L’obiettivo strategico è conquistare quote significative del grocery USA, nonostante costi operativi inizialmente superiori alle attuali reti di consegna di Amazon.
In sintesi:
- Ipermercati automatizzati per competere con Walmart nel grocery statunitense
- Gestione di circa 250.000 articoli con AI e robotica integrata
- Assistente AI Frida per ottimizzare assortimento e strategie di vendita locali
- Investimento stimato di 33 milioni di dollari per il sito pilota
Come funziona il Progetto Kobe tra AI, robot e lavoro umano
Il cuore tecnologico del Progetto Kobe è Frida, assistente di Intelligenza Artificiale che analizza domanda locale, spazio disponibile e obiettivi di margine per generare assortimenti e strategie di pricing su misura per ogni negozio.
Amazon punta a passare da una selezione manuale a un processo quasi totalmente automatizzato, basato su modelli predittivi capaci di decidere non solo quali prodotti rifornire, ma anche come espandere o ridimensionare intere categorie merceologiche.
Questo consente una pianificazione centralizzata su scala nazionale, con decisioni adattate ai singoli bacini di utenza e aggiornate in tempo reale sui trend di consumo.
Dal lato fisico, i super store Kobe combinano lavoro umano e sistemi robotizzati.
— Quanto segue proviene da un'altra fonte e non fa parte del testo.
(* Let $K$ be a division ring and $M,N\ge2$ integers. Suppose that for every group $\Gamma=\Gamma_\pi\in\bigcup_{2\le m\le M,\ 2\le n\le N}\mathrm{ULIE}^{(2)}_K(m,n)$, with its canonical generators $1=a_0,a_1,\dots,a_{m-1}$ and $1=b_0,b_1,\dots,b_{n-1}$ and with $\phi:\Gamma\to\Gamma/N_{\mathrm{tor}}(\Gamma)$ the quotient map, we have $\phi(a_i)=\phi(a_{i'})$ for some $0\le i<i'\le m-1$ or $\phi(b_j)=\phi(b_{j'})$ for some $0\le j<j'\le n-1$. Then for every torsion-free group $G$ there are no $a,b\in K[G]$ with $\operatorname{rank}(a)=M$, $\operatorname{rank}(b)=N$ and $ab=1$.
   Context: $K$ is a nonzero division ring, $K[G]$ the group ring, rank = number of group elements with nonzero coefficient. For $m,n\ge2$ and a partition $\pi$ of $S_{m,n}=\{0,\dots,m-1\}\times\{0,\dots,n-1\}$, $(i,j)\sim_\pi(i',j')$ means same block; $\Gamma_\pi$ is the group with canonical generators $a_0,\dots,a_{m-1},b_0,\dots,b_{n-1}$ and relations $a_0=b_0=1$, $a_ib_j=a_{i'}b_{j'}$ whenever $(i,j)\sim_\pi(i',j')$. $\pi$ is nondegenerate if in $\Gamma_\pi$ the $a_i$ are pairwise distinct and the $b_j$ pairwise distinct. $\pi$ is realizable with nonzero $r_0,\dots,s_{n-1}\in K$ if for each block $E$, $\sum_{(i,j)\in E}r_is_j$ equals $1$ if $(0,0)\in E$, else $0$; ordering partitions by refinement, $\pi$ is minimally realizable over $K$ if for some choice of nonzero elements of $K$ it is minimal among partitions realizable with them. An invariant subgrid of $\pi$ is $(R,C)$ with $0\in R\subseteq\{0,\dots,m-1\}$, $0\in C\subseteq\{0,\dots,n-1\}$, $|R|,|C|\ge2$, such that $(i,j)\in R\times C$ and $(i,j)\sim_\pi(i',j')$ imply $(i',j')\in R\times C$; it is proper if $|R|<m$ or $|C|<n$. $\mathrm{ULIE}^{(2)}_K(m,n)$ is the set of $\Gamma_\pi$ with $\pi$ nondegenerate, minimally realizable over $K$, and without proper invariant subgrids. For a group $\Gamma$, $N^{(1)}_{\mathrm{tor}}(\Gamma)$ is the smallest normal subgroup containing all elements of finite order; $N_{\mathrm{tor},1}=N^{(1)}_{\mathrm{tor}}(\Gamma)$, $N_{\mathrm{tor},k+1}=\phi_k^{-1}(N^{(1)}_{\mathrm{tor}}(\Gamma/N_{\mathrm{tor},k}))$ with $\phi_k$ the quotient map $\Gamma\to\Gamma/N_{\mathrm{tor},k}$, and $N_{\mathrm{tor}}(\Gamma)=\bigcup_kN_{\mathrm{tor},k}$. *)

From HB Require Import structures.
From mathcomp Require Import all_boot all_order all_algebra.
From Stdlib Require List.
Set Implicit Arguments. Unset Strict Implicit. Unset Printing Implicit Defensive.
Import GRing.Theory.
Local Open Scope ring_scope.
(* If $L\subseteq\Sigma^*$ belongs to $Pol(\mathcal{C}om)(\Sigma)$, then $N^1(L)=O(\log n)$.
   Context: Non-deterministic communication complexity: for $f:X\times Y\to\{0,1\}$, $N^1(f)$ is the minimum cost of a non-deterministic protocol for $f$; equivalently, up to an additive constant 2, $N^1(f)=\log_2 C^1(f)$, where $C^1(f)$ is the minimum number of rectangles $S\times T\subseteq X\times Y$ on which $f\equiv1$ whose union is $f^{-1}(1)$. For a language $L\subseteq\Sigma^*$, $N^1(L)(n)$ is $N^1$ of the function in which Alice receives $a_1,a_3,\dots,a_{2n-1}$, Bob receives $a_2,a_4,\dots,a_{2n}$, each $a_i\in\Sigma\cup\{\epsilon\}$ ($\epsilon$ the empty word), and the value is $1$ iff $a_1a_2\cdots a_{2n}\in L$. $\mathcal{C}om(\Sigma)$ denotes the set of regular languages over $\Sigma$ whose syntactic monoid ($\Sigma^*/\equiv_L$, where $x\equiv_L y$ iff $uxv\in L\Leftrightarrow uyv\in L$ for all $u,v$) is commutative. $Pol(\mathcal{C}om)(\Sigma)$ is the set of finite unions of languages of the form $L_0a_1L_1a_2\cdots a_kL_k$ with $k\ge0$, $a_i\in\Sigma$ and $L_i\in\mathcal{C}om(\Sigma)$. Asymptotics are as $n\to\infty$. *)

From mathcomp Require Import all_boot.
From Stdlib Require Lists.List.
Set Implicit Arguments. Unset Strict Implicit. Unset Printing Implicit Defensive.

Section Lang.
Variable Sigma : finType.

Definition lang := seq Sigma -> bool.

Definition regular (L : lang) : Prop :=
  exists (Q : finType) (delta : Q -> Sigma -> Q) (q0 : Q) (F : pred Q),
    forall w, L w = F (foldl delta q0 w).

Definition synt_eq (L : lang) (x y : seq Sigma) : Prop :=
  forall u v, L (u ++ x ++ v) = L (u ++ y ++ v).

(* Com(Sigma): regular languages whose syntactic monoid is commutative,
   i.e. [x][y] = [y][x] in Sigma^*/==_L for all x y. *)
Definition Com (L : lang) : Prop :=
  regular L /\ forall x y, synt_eq L (x ++ y) (y ++ x).

Definition lconcat (A B : lang) : lang := fun w =>
  [exists i : 'I_(size w).+1, A (take i w) && B (drop i w)].
Definition lletter (a : Sigma) : lang := fun w => w == [:: a].

Fixpoint monomial (L0 : lang) (s : seq (Sigma * lang)) : lang :=
  match s with
  | [::] => L0
  | (a, L1) :: s' => lconcat L0 (lconcat (lletter a) (monomial L1 s'))
  end.

Definition monomial_union (ms : seq (lang * seq (Sigma * lang))) : lang :=
  fun w => has (fun m => monomial m.1 m.2 w) ms.

Definition PolCom (L : lang) : Prop :=
  exists ms : seq (lang * seq (Sigma * lang)),
    List.Forall (fun m => Com m.1 /\ List.Forall (fun p => Com p.2) m.2) ms /\
    forall w, L w = monomial_union ms w.

End Lang.

Section Cover.
Variables X Y : finType.
Variable f : X -> Y -> bool.

Definition is_one_cover (C : {set {set X} * {set Y}}) : bool :=
  [forall R in C, [forall x in R.1, [forall y in R.2, f x y]]] &&
  [forall x, [forall y, f x y ==> [exists R in C, (x \in R.1) && (y \in R.2)]]].

Lemma one_cover_exists : exists k, [exists C, is_one_cover C && (#|C| == k)].
Proof.
set C := [set ([set p.1], [set p.2]) | p in [set p : X * Y | f p.1 p.2]].
exists #|C|; apply/existsP; exists C; rewrite eqxx andbT; apply/andP; split.
  apply/forall_inP => R /imsetP [p]; rewrite inE => fp -> /=.
  apply/forall_inP => x; rewrite inE => /eqP ->.
  by apply/forall_inP => y; rewrite inE => /eqP ->.
apply/forallP => x; apply/forallP => y; apply/implyP => fxy.
apply/exists_inP; exists ([set x], [set y]); last by rewrite /= !set11.
by apply/imsetP; exists (x, y); rewrite ?inE.
Qed.

Definition C1 : nat := ex_minn one_cover_exists.

(* N^1(f) := ceil(log2 C^1(f)); equals the protocol-based N^1 up to an
   additive constant (which is irrelevant for O(.) statements). *)
Definition N1 : nat := up_log 2 C1.
End Cover.

(* The communication problem of a language L at length n:
   Alice holds a1,a3,...,a_{2n-1}, Bob holds a2,a4,...,a_{2n},
   each a_i in Sigma ∪ {eps} (encoded as option Sigma, None = eps). *)
Definition interleave (Sigma : finType) (n : nat)
    (x y : n.-tuple (option Sigma)) : seq Sigma :=
  pmap id (flatten [seq [:: p.1; p.2] | p <- zip x y]).

Definition lang_fun (Sigma : finType) (L : lang Sigma) (n : nat) :
    n.-tuple (option Sigma) -> n.-tuple (option Sigma) -> bool :=
  fun x y => L (@interleave Sigma n x y).

Definition N1_lang (Sigma : finType) (L : lang Sigma) (n : nat) : nat :=
  N1 (@lang_fun Sigma L n).

(* A language in Com is recognised by a DFA with state set Q and is invariant
   under permuting its input, so on any set of positions the letters held by
   Bob may be read before those held by Alice: the state the DFA reaches on
   Bob's letters is a one-message protocol, i.e. the 1-inputs are covered by
   |Q| rectangles.  A monomial
   L0 a1 L1 ... ak Lk is the union, over the at most (2n+1)^k choices of the
   positions of a1, ..., ak, of conjunctions of such conditions with the
   single-position tests "ai sits here"; hence C^1 is polynomial in n and N^1
   is logarithmic. *)
From mathcomp Require Import all_boot zify.
Set Implicit Arguments. Unset Strict Implicit. Unset Printing Implicit Defensive.

Section RectangleCovers.
Variables X Y : finType.
Implicit Types (f g : X -> Y -> bool) (rs : seq ({set X} * {set Y})).

Definition one_rect_cover f rs :=
  forall x y, f x y = has (fun R : {set X} * {set Y} => (x \in R.1) && (y \in R.2)) rs.

Definition coverable f k := exists2 rs, one_rect_cover f rs & size rs <= k.

Lemma coverable_C1_leq f k : coverable f k -> C1 f <= k.
Proof.
case=> rs cov_rs size_rs; rewrite /C1; case: ex_minnP => m _ min_m.
apply: leq_trans (_ : #|[set R in rs]| <= k); last first.
  by rewrite cardsE; apply: leq_trans (card_size _) size_rs.
apply: min_m; apply/existsP; exists [set R in rs]; rewrite eqxx andbT.
apply/andP; split.
  apply/forall_inP => R; rewrite inE => Rrs.
  apply/forall_inP => x xR; apply/forall_inP => y yR.
  by rewrite cov_rs; apply/hasP; exists R; rewrite ?xR ?yR.
apply/forallP => x; apply/forallP => y; apply/implyP; rewrite cov_rs.
by case/hasP => R Rrs xyR; apply/exists_inP; exists R; rewrite ?inE.
Qed.

Lemma eq_coverable f g k : (forall x y, f x y = g x y) -> coverable f k -> coverable g k.
Proof. by move=> eq_fg [rs cov_rs ?]; exists rs => // x y; rewrite -eq_fg. Qed.

Lemma coverable_leq f k k' : k <= k' -> coverable f k -> coverable f k'.
Proof. by move=> le_kk' [rs ? ?]; exists rs => //; apply: leq_trans le_kk'. Qed.

Lemma coverable_orb f g k1 k2 : coverable f k1 -> coverable g k2 ->
  coverable (fun x y => f x y || g x y) (k1 + k2).
Proof.
case=> [r1 cov1 size1] [r2 cov2 size2]; exists (r1 ++ r2).
  by move=> x y; rewrite has_cat cov1 cov2.
by rewrite size_cat leq_add.
Qed.

Lemma coverable_andb f g k1 k2 : coverable f k1 -> coverable g k2 ->
  coverable (fun x y => f x y && g x y) (k1 * k2).
Proof.
case=> [r1 cov1 size1] [r2 cov2 size2].
exists [seq (R1.1 :&: R2.1, R1.2 :&: R2.2) | R1 <- r1, R2 <- r2]; last first.
  by rewrite size_allpairs leq_mul.
move=> x y; rewrite cov1 cov2; apply/andP/hasP.
  case=> /hasP[R1 R1r1 /andP[xR1 yR1]] /hasP[R2 R2r2 /andP[xR2 yR2]].
  exists (R1.1 :&: R2.1, R1.2 :&: R2.2); first by apply/allpairsP; exists (R1, R2).
  by rewrite /= !inE xR1 yR1 xR2 yR2.
case=> R /allpairsP[[R1 R2] [R1r1 R2r2 ->]]; rewrite /= !inE.
case/andP=> /andP[xR1 xR2] /andP[yR1 yR2].
by split; apply/hasP; [exists R1 | exists R2]; rewrite // ?xR1 ?yR1 ?xR2 ?yR2.
Qed.

Lemma coverable_has (I : eqType) (s : seq I) (f : I -> X -> Y -> bool) k :
  (forall i, i \in s -> coverable (f i) k) ->
  coverable (fun x y => has (fun i => f i x y) s) (size s * k).
Proof.
elim: s => [|i s IHs] cov_s /=; first by exists [::].
rewrite mulSn; apply: coverable_orb; first by apply: cov_s; rewrite mem_head.
by apply: IHs => j js; apply: cov_s; rewrite inE js orbT.
Qed.

Lemma coverable_left (P : pred X) : coverable (fun x (_ : Y) => P x) 1.
Proof. by exists [:: ([set x | P x], setT)] => // x y /=; rewrite !inE orbF andbT. Qed.

Lemma coverable_right (P : pred Y) : coverable (fun (_ : X) y => P y) 1.
Proof. by exists [:: (setT, [set y | P y])] => // x y /=; rewrite !inE orbF. Qed.

End RectangleCovers.

Section Words.
Variable Sigma : finType.
Implicit Types (L P Q : lang Sigma) (w : seq Sigma).

Lemma synt_eq_perm L : (forall x y, synt_eq L (x ++ y) (y ++ x)) ->
  forall u v, perm_eq u v -> synt_eq L u v.
Proof.
move=> comL; elim=> [|a u IHu] v; first by move/perm_size; case: v.
move=> pauv; have av : a \in v by rewrite -(perm_mem pauv) mem_head.
move: av pauv; case/splitPr => v1 v2 pauv p q.
have puv : perm_eq u (v1 ++ v2).
  by rewrite -(perm_cons a); apply: perm_trans pauv _; rewrite -cat1s perm_catCA.
have -> : p ++ (a :: u) ++ q = (p ++ [:: a]) ++ u ++ q by rewrite -catA.
rewrite (IHu _ puv) -!catA /=.
by have := comL [:: a] v1 p (v2 ++ q); rewrite -!catA.
Qed.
Oggi Amazon utilizza la tecnologia di AutoStore, una griglia di contenitori impilati su cui robot prelevano rapidamente i prodotti.
Parallelamente, il gruppo sta sviluppando internamente Orbital, una piattaforma capace di gestire in un unico sistema automatizzato articoli a temperatura ambiente, refrigerati e congelati, riducendo errori e tempi di prelievo.
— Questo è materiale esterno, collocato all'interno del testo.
Lemma pc_root_between a b u v : u < v -> pc a b u * pc a b v <= 0 ->
  exists r, u <= r <= v /\ pc a b r = 0.
Proof.
  intros Huv Hsign.
  assert (Hc : continuity (pc a b)) by (unfold pc; reg).
  destruct (IVT_gen (pc a b) u v 0 Hc) as [r [Hr Hr0]].
  - unfold Rmin, Rmax. destruct (Rle_dec (pc a b u) (pc a b v)); nra.
  - exists r. rewrite Rmin_left, Rmax_right in Hr by lra. auto.
Qed.

Section Localization.
Variables a b : R.
Hypothesis Ha : 0 < a <= 1/100.
Hypothesis Hd : 0 <= 4*a^3 - 27*b^2.

Lemma eig_exist : exists r1 r2 r3, (0 <= r1 < a/2) /\ (a < r2 < 3*a) /\ (2 < r3 < 4) /\
  pc a b r1 = 0 /\ pc a b r2 = 0 /\ pc a b r3 = 0.
Proof.
  assert (0 <= b^2) by nra. assert (0 < a*a) by nra. assert (0 < a*a*a) by nra.
  assert (S0 : pc a b 0 <= 0) by (unfold pc; lra).
  assert (Sh : 0 < pc a b (a/2)) by (unfold pc; nra).
  assert (Sa : 0 < pc a b a) by (unfold pc; nra).
  assert (S3a : pc a b (3*a) < 0) by (unfold pc; nra).
  assert (S2 : pc a b 2 < 0) by (unfold pc; nra).
  assert (S4 : 0 < pc a b 4) by (unfold pc; nra).
  destruct (pc_root_between a b 0 (a/2)) as [r1 [G1 E1]]; [lra | nra |].
  destruct (pc_root_between a b a (3*a)) as [r2 [G2 E2]]; [lra | nra |].
  destruct (pc_root_between a b 2 4) as [r3 [G3 E3]]; [lra | nra |].
  assert (r1 <> a/2) by (intros ->; lra).
  assert (r2 <> a /\ r2 <> 3*a) by (split; intros ->; lra).
  assert (r3 <> 2 /\ r3 <> 4) by (split; intros ->; lra).
  exists r1, r2, r3. repeat split; auto; lra.
Qed.

Lemma eig_loc l1 l2 l3 : l1 < l2 < l3 -> pc a b l1 = 0 -> pc a b l2 = 0 -> pc a b l3 = 0 ->
  (0 <= l1 < a/2) /\ (a < l2 < 3*a) /\ (2 < l3 < 4).
Proof.
  intros Hl h1 h2 h3.
  destruct eig_exist as [r1 [r2 [r3 [R1 [R2 [R3 [e1 [e2 e3]]]]]]]].
  assert (Hroots : forall l, pc a b l = 0 -> l = r1 \/ l = r2 \/ l = r3).
  { intros l hl. rewrite (pc_factor a b r1 r2 r3) in hl by (auto; lra).
    destruct (Rmult_integral _ _ hl) as [h|h]; [destruct (Rmult_integral _ _ h)|]; lra. }
  destruct (Hroots _ h1) as [C1|[C1|C1]]; destruct (Hroots _ h2) as [C2|[C2|C2]];
    destruct (Hroots _ h3) as [C3|[C3|C3]]; subst; lra.
Qed.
Prodotti voluminosi e freschi, invece, continueranno a essere gestiti manualmente dal personale, soprattutto in area vendita, a conferma che il fattore umano resta centrale nel coordinamento logistico degli ordini complessi.
Costi, rischi occupazionali e possibili scenari futuri per la spesa
Il Progetto Kobe non è privo di ombre. Amazon, già criticata per licenziamenti e pressioni sui dipendenti, viene osservata per l’impatto occupazionale di una logistica sempre più automatizzata.
I primi dati interni indicano costi operativi più alti rispetto ai modelli attuali: fino al 12% in più per articolo evaso e quasi 2 dollari di costo logistico per ogni prodotto deperibile.
Il sito pilota di Orland Park richiede un investimento stimato di circa 33 milioni di dollari, cifra che evidenzia la scommessa di lungo periodo sul grocery come nuovo pilastro di crescita.
Se l’esperimento avrà successo, la combinazione tra AI, robotica e presenza fisica potrebbe diventare un modello replicabile su vasta scala, modificando sia la concorrenza con Walmart sia le aspettative dei consumatori sulla spesa quotidiana.
Nel medio termine, l’evoluzione del Progetto Kobe sarà un indicatore chiave di come l’Intelligenza Artificiale potrà ridisegnare ruoli, costi e margini nella grande distribuzione organizzata.
FAQ
Che cos’è il Progetto Kobe di Amazon nella grande distribuzione
Il Progetto Kobe è un nuovo formato di ipermercati automatizzati di Amazon, che integra AI e robotica per competere direttamente con Walmart nel grocery USA.
Quanti prodotti può gestire un ipermercato Kobe
Un super store Kobe è progettato per gestire circa 250.000 articoli, quasi il doppio rispetto all’offerta media dei concorrenti tradizionali.
Che ruolo ha l’Intelligenza Artificiale Frida nei negozi Kobe
Frida analizza domanda locale, spazio e obiettivi di business, proponendo assortimenti, prezzi e priorità di rifornimento ottimizzati per ciascun punto vendita.
Il Progetto Kobe sostituirà completamente i lavoratori umani
No, il progetto mantiene attività manuali su prodotti freschi e ingombranti, richiedendo personale per prelievo, controllo qualità e coordinamento logistico degli ordini complessi.
Da quali fonti è stata ricavata e rielaborata questa notizia
Questa analisi deriva da una elaborazione congiunta di informazioni provenienti da Ansa.it, Adnkronos.it, Asca.it e Agi.it, rielaborate dalla nostra Redazione.